EXERCISE DESCRIPTION | Filter the records for "mathcomp" and keep each line that has it.
━━━━━━
Definition pfaffian (f : nat -> nat -> R) (s : seq nat) : R := pfaux (size s) f s.

Definition Ptilde (Y : seq R) (mu : seq nat) : R :=
  pfaffian (Pt2 Y) (if odd (size mu) then rcons mu 0%N else mu).

End Ptilde.

From mathcomp Require Import all_boot all_algebra.
From mathcomp Require Import mpoly.
From mathcomp Require Import ring zify.
Set Implicit Arguments. Unset Strict Implicit. Unset Printing Implicit Defensive.
Import GRing.Theory.
Local Open Scope ring_scope.

(* Write P_k, P'_k, e_k for P~_k(X), P~_k(X~), e_k(X').  Since e_k(X) = e_k(X') + x_1 e_{k-1}(X'),
   one has P'_k = e_k - P_k for k > 0, and a telescoping computation shows that the Pfaffian
   entries change by a rank-two skew term: P'_{i,j} = P_{i,j} + e_i P_j - P_i e_j for i, j > 0.
   Pfaffians are handled through the contraction operators
     C_v K (t) = sum_k (-1)^k v(t_k) K(t minus t_k),
   which anticommute and square to zero; the first-row expansion reads pf(a :: t) = C_{f a} pf t,
   and the Pfaffian of a rank-two perturbation f + w /\ v is pf_f + C_w C_v pf_f.
   The left-hand side of the identity is C_e P~(X) evaluated at lambda, while padding an odd
   partition with a zero turns P~ into C_P pf.  Comparing both sides separately for lambda of
   even and of odd length, all the terms with a repeated or sandwiched contraction vanish. *)

Lemma size_rem_at T k (t : seq T) : (k < size t)%N -> size (rem_at k t) = (size t).-1.
Proof. by rewrite /rem_at size_cat size_take size_drop => kt; rewrite kt; lia. Qed.

Lemma odd_size_rem_at T k (t : seq T) :
  (k < size t)%N -> odd (size (rem_at k t)) = ~~ odd (size t).
Proof. by move=> kt; rewrite size_rem_at //; case: (size t) kt => //= m _; rewrite negbK. Qed.

Lemma mem_rem_at (T : eqType) k (t : seq T) : {subset rem_at k t <= t}.
Proof. by move=> y; rewrite /rem_at mem_cat => /orP[/mem_take|/mem_drop]. Qed.

Lemma rem_at_rcons T k (t : seq T) z :
  (k < size t)%N -> rem_at k (rcons t z) = rcons (rem_at k t) z.
Proof.
move=> kt; rewrite /rem_at -!cats1 take_cat kt drop_cat.
case: ltnP => kt'; first by rewrite catA.
have -> : k.+1 = size t by lia.
by rewrite subnn drop0 drop_size cats0.
Qed.

Lemma rem_at_size_rcons T (t : seq T) z : rem_at (size t) (rcons t z) = t.
Proof. by rewrite /rem_at -cats1 take_size_cat // drop_cat ltnNge leqnSn subSnn cats0. Qed.

Section Contraction.
Variable R : comPzRingType.
Implicit Types (u v w : nat -> R) (K : seq nat -> R) (t : seq nat).

Definition contract v K t : R :=
  \sum_(k < size t) (-1) ^+ k * v (nth 0%N t k) * K (rem_at k t).

Lemma contract_nil v K : contract v K [::] = 0.
Proof. exact: big_ord0. Qed.

Lemma contract_cons v K a t :
  contract v K (a :: t) = v a * K t - contract v (fun s => K (a :: s)) t.
Proof.
rewrite /contract big_ord_recl expr0 mul1r -sumrN; congr (_ + _).
  by rewrite /rem_at /= drop0.
by apply: eq_bigr => k _; rewrite lift0 exprS !mulN1r !mulNr.
Qed.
━━━━━━
RESULT OF THE EXERCISE |
From mathcomp Require Import all_boot all_algebra.
From mathcomp Require Import mpoly.
From mathcomp Require Import ring zify.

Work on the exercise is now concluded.